Un’operazione di propaganda per diffondere informazioni false sulle proteste di Hong Kong e gettare discredito sui manifestanti scesi in strada queste settimane per difendere l’indipendenza dalla Cina continentale. Questa l’accusa che Facebook e Twitter hanno rivolto lunedì al governo cinese dopo un’investigazione interna che ha portato rispettivamente alla rimozione di sette pagine, tre gruppi, cinque account e ben 936 account.
L’obiettivo degli account rimossi, ha spiegato Twitter in un comunicato, era “specificamente tentare di instillare discordia politica a Hong Kong, delegittimando i diritti e le posizioni politiche del movimento di protesta sceso in piazza”. L’indagine fornisce “prove attendibili che questa è un’operazione coordinata da un’entità statale”.
In Cina Twitter è vietato per legge. Così gli account incriminati, che l’inchiesta ha dimostrato provenire dalla Cina continentale, hanno utilizzato dei Vpn (Virtual private networks) per accedere. Altri invece sono stati attivati tramite indirizzi IP. I 936 account oscurati, spiega Twitter, sono solo la punta dell’iceberg, “la parte più proattiva della campagna”. Nelle scorse settimane sono infatti ben 200.000 gli account spam sospesi dalla piattaforma con le medesime motivazioni. “Operazioni sotto copertura e manipolate non hanno spazio sul nostro servizio – conclude il gigante social di San Francisco.
Più esplicite le accuse di Facebook, che nel comunicato ufficiale dell’azienda parla esplicitamente di “account coinvolti in un comportamento coordinato parte di un piccolo network originato in Cina e concentrato su Hong Kong” e conclude di aver “trovato collegamenti con individui associati al governo cinese”. Le pagine chiuse dal colosso hi-tech della California avevano una media di 15.000 followers, i gruppi di circa 2.200. Tra i contenuti più ricorrenti immagini dei manifestanti a Hong Kong immortalati in gesti di violenza contro le forze dell’ordine.
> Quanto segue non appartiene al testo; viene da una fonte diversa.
(* Let $A>0$ and let $k_{\min},k_{\max},\mu_{\min},\mu_{\max}\in C^0([0,A];\mathbb{R}_{\ge 0})$ be Lipschitz functions such that $$k_{\min}(a)\le k_{\max}(a),\qquad \mu_{\min}(a)\le \mu_{\max}(a)\qquad \forall a\in[0,A],$$ and $$\int_0^A k_{\min}(a)\,e^{-\int_0^a \mu_{\max}(s)\,ds}\,da>1 .$$ Let $\zeta_{\min}$ and $\zeta_{\max}$ be the unique solutions of $$\int_0^A k_{\min}(a)e^{-\zeta_{\min} a-\int_0^a \mu_{\max}(s)\,ds}\,da=1,\qquad \int_0^A k_{\max}(a)e^{-\zeta_{\max} a-\int_0^a \mu_{\min}(s)\,ds}\,da=1,$$ so that $\zeta_{\min}\le\zeta_{\max}$. Let $G>0$ be large enough that $\|f\|_\infty+\sup_{a\neq s}\frac{|f(a)-f(s)|}{|a-s|}\le G$ for each $f\in\{k_{\min},k_{\max},\mu_{\min},\mu_{\max}\}$. Define $$H_G:=\Big\{f\in C^0([0,A];\mathbb{R}_{\ge0}):\ \|f\|_\infty+\sup_{a,s\in[0,A],\,a\ne s}\tfrac{|f(a)-f(s)|}{|a-s|}\le G\Big\},$$ $$S:=\{(k,\mu)\in H_G^2:\ k_{\min}(a)\le k(a)\le k_{\max}(a),\ \mu_{\min}(a)\le\mu(a)\le\mu_{\max}(a)\ \forall a\in[0,A]\}.$$ For $(k,\mu)\in S$ let $P(k,\mu)=\zeta$, where $\zeta>0$ is the unique solution of $\int_0^A k(a)e^{-\zeta a-\int_0^a\mu(s)\,ds}\,da=1$. Then $P$ maps $S$ into $[\zeta_{\min},\zeta_{\max}]$ and is Lipschitz continuous with respect to the sup norm: for all $(k,\mu),(\tilde k,\tilde\mu)\in S$, $$|P(\tilde k,\tilde\mu)-P(k,\mu)|\le L\,\|\tilde k-k\|_\infty+L\,\|k_{\max}\|_\infty\,A\,\|\tilde\mu-\mu\|_\infty,$$ where, with $I(a):=e^{-\int_0^a\mu_{\max}(s)\,ds}$, $$L=\frac{A\,\bigl(2A\|k_{\max}\|_\infty\bigr)^{2A\|k_{\max}\|_\infty-1}}{\left(\int_0^A a\,k_{\min}(a)I(a)\,da\right)\ln\!\left(\int_0^A k_{\min}(a)I(a)\,da\right)}.$$
   Context: $\|f\|_\infty=\sup_{a\in[0,A]}|f(a)|$. $C^0([0,A];\mathbb{R}_{\ge0})$ denotes continuous nonnegative functions on $[0,A]$. $P$ is the Lotka–Sharpe map assigning to a fertility profile $k$ and mortality profile $\mu$ the intrinsic growth rate $\zeta$. *)

From Stdlib Require Import Reals.
From Coquelicot Require Import Coquelicot.
Open Scope R_scope.

Definition supnorm (A : R) (f : R -> R) : R :=
  real (Lub_Rbar (fun y => exists a, 0 <= a <= A /\ y = Rabs (f a))).

Definition lipconst (A : R) (f : R -> R) : R :=
  real (Lub_Rbar (fun y => exists a s, 0 <= a <= A /\ 0 <= s <= A /\ a <> s /\
                          y = Rabs (f a - f s) / Rabs (a - s))).

Definition cont_on (A : R) (f : R -> R) : Prop :=
  forall a, 0 <= a <= A ->
    filterlim f (within (fun x => 0 <= x <= A) (locally a)) (locally (f a)).

Definition nonneg_on (A : R) (f : R -> R) : Prop :=
  forall a, 0 <= a <= A -> 0 <= f a.

Definition lipschitz_on (A : R) (f : R -> R) : Prop :=
  exists K, forall a s, 0 <= a <= A -> 0 <= s <= A -> Rabs (f a - f s) <= K * Rabs (a - s).

Definition C0nonneg_lip (A : R) (f : R -> R) : Prop :=
  cont_on A f /\ nonneg_on A f /\ lipschitz_on A f.

Definition H_G (A G : R) (f : R -> R) : Prop :=
  C0nonneg_lip A f /\ supnorm A f + lipconst A f <= G.

Definition LS_eq (A : R) (k mu : R -> R) (z : R) : Prop :=
  RInt (fun a => k a * exp (- z * a - RInt mu 0 a)) 0 A = 1.

Definition inS (A G : R) (kmin kmax mumin mumax k mu : R -> R) : Prop :=
  H_G A G k /\ H_G A G mu /\
  (forall a, 0 <= a <= A -> kmin a <= k a <= kmax a) /\
  (forall a, 0 <= a <= A -> mumin a <= mu a <= mumax a).

Definition Lconst (A : R) (kmin kmax mumax : R -> R) : R :=
  let I := fun a => exp (- RInt mumax 0 a) in
  let B := 2 * A * supnorm A kmax in
  A * Rpower B (B - 1) /
  (RInt (fun a => a * kmin a * I a) 0 A * ln (RInt (fun a => kmin a * I a) 0 A)).

From Stdlib Require Import Reals Lra.
From Coquelicot Require Import Coquelicot.
Open Scope R_scope.

(** Write F(k, mu, z) = int_0^A k(a) exp(-z a - int_0^a mu) da.  F is nonincreasing in z,
    nondecreasing in k and nonincreasing in mu; with the intermediate value theorem this gives a
    root for every (k, mu) in S, squeezed between zmin and zmax.  Since exp t >= 1 + t,
    F(z) - F(z') >= (z' - z) int_0^A a k(a) exp(-z' a - int_0^a mu) da for z <= z', and this first
    moment is at least exp(-zmax A) D0 with D0 = int_0^A a kmin(a) I(a) da > 0.  For two roots
    z <= z' of (k, mu) and (k', mu') this yields
    (z' - z) exp(-zmax A) D0 <= F(k', mu', z) - F(k, mu, z)
                              <= A (‖k' - k‖ + ‖kmax‖ A ‖mu' - mu‖).
    Finally zmax <= ‖kmax‖ and ln R0 <= R0 - 1 <= A ‖kmax‖ (R0 = int_0^A kmin I) bound
    exp(zmax A) ln R0 by (2 A ‖kmax‖)^(2 A ‖kmax‖ - 1). *)

Lemma exp_le_compat x y : x <= y -> exp x <= exp y.
Proof.
  intros [Hlt | ->]; [now left; apply exp_increasing | apply Rle_refl].
Qed.

Lemma exp_opp_le_1 x : 0 <= x -> exp (- x) <= 1.
Proof. intros; rewrite <- exp_0; apply exp_le_compat; lra. Qed.

Lemma exp_opp_sub_le x y : 0 <= x <= y -> 0 <= exp (- x) - exp (- y) <= y - x.
Proof.
  intros [Hx Hxy].
  assert (Hsplit : exp (- y) = exp (- x) * exp (- (y - x)))
    by (rewrite <- exp_plus; f_equal; ring).
  pose proof (exp_ineq1_le (- (y - x))).
  pose proof (exp_opp_le_1 (y - x) ltac:(lra)).
  pose proof (exp_opp_le_1 x Hx).
  pose proof (exp_pos (- x)).
  rewrite Hsplit; split; nra.
Qed.

Lemma Rabs_exp_opp_sub_le x y : 0 <= x -> 0 <= y ->
  Rabs (exp (- x) - exp (- y)) <= Rabs (x - y).
Proof.
  intros Hx Hy; destruct (Rle_lt_dec x y) as [Hxy | Hyx].
  - pose proof (exp_opp_sub_le x y ltac:(lra)).
    rewrite Rabs_right, Rabs_left1 by lra; lra.
  - pose proof (exp_opp_sub_le y x ltac:(lra)).
    rewrite Rabs_left1, Rabs_right by lra; lra.
Qed.

Lemma lipschitz_continuous (f : R -> R) (K : R) :
  (forall x y, Rabs (f x - f y) <= K * Rabs (x - y)) -> forall x, continuous f x.
Proof.
  intros Hf x.
  assert (HK : 0 <= K).
  { specialize (Hf 1 0); rewrite Rminus_0_r, Rabs_R1 in Hf.
    pose proof (Rabs_pos (f 1 - f 0)); lra. }
  apply continuity_pt_filterlim; intros eps Heps.
  exists (eps / (K + 1)); split; [apply Rdiv_lt_0_compat; lra|].
  intros y [_ Hy]; simpl in Hy; unfold R_dist in *.
  assert (Heps' : (K + 1) * (eps / (K + 1)) = eps) by (field; lra).
  pose proof (Rabs_pos (y - x)).
  apply Rle_lt_trans with (K * Rabs (y - x)); [apply Hf | nra].
Qed.

Definition clamp (A x : R) : R := Rmax 0 (Rmin A x).

Lemma clamp_in A x : 0 <= A -> 0 <= clamp A x <= A.
Proof. intros; unfold clamp, Rmax, Rmin; repeat destruct Rle_dec; lra. Qed.

Lemma clamp_id A x : 0 <= x <= A -> clamp A x = x.
Proof. intros; unfold clamp, Rmax, Rmin; repeat destruct Rle_dec; lra. Qed.

Lemma Rabs_clamp_sub_le A x y : 0 <= A -> Rabs (clamp A x - clamp A y) <= Rabs (x - y).
Proof.
  intros; unfold clamp, Rmax, Rmin; repeat destruct Rle_dec;
    unfold Rabs; repeat destruct Rcase_abs; lra.
Qed.

(* Integrability on [0, A] is obtained from a continuous extension to R; a Lipschitz function
   extends by precomposing with the projection [clamp] onto [0, A]. *)
Definition has_cont_ext (A : R) (f : R -> R) : Prop :=
  exists g : R -> R, (forall x, continuous g x) /\ forall x, 0 <= x <= A -> g x = f x.

Lemma has_cont_ext_lipschitz A f : 0 <= A -> lipschitz_on A f -> has_cont_ext A f.
Proof.
  intros HA [K HK]; exists (fun x => f (clamp A x)); split.
  - apply lipschitz_continuous with (Rabs K); intros x y.
    eapply Rle_trans; [apply HK; apply clamp_in; lra|].
    eapply Rle_trans; [apply Rmult_le_compat_r; [apply Rabs_pos | apply RRle_abs]|].
    apply Rmult_le_compat_l; [apply Rabs_pos | now apply Rabs_clamp_sub_le].
  - intros; now rewrite clamp_id.
Qed.

Lemma has_cont_ext_const A c : has_cont_ext A (fun _ => c).
Proof. exists (fun _ => c); split; auto using continuous_const. Qed.

Lemma has_cont_ext_id A : has_cont_ext A (fun x => x).
Proof. exists (fun x => x); split; auto using continuous_id. Qed.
Scorrendo i “meme” postati da Facebook assieme al comunicato ci si imbatte in fotomontaggi dei partecipanti alle proteste accostati ai tagliagole dell’Isis e accompagnati dalla didascalia “qual è la differenza?”. Altre immagini ritraggono chi è sceso in strada in questi giorni come “soldati scarafaggi”.
In risposta alla campagna di propaganda cinese Twitter ha annunciato un drastico cambio di policy. L’azienda, si legge in un comunicato, “non accetterà più pubblicità da entità mediatiche controllate dallo Stato”, sia “da un punto di vista editoriale che finanziario”.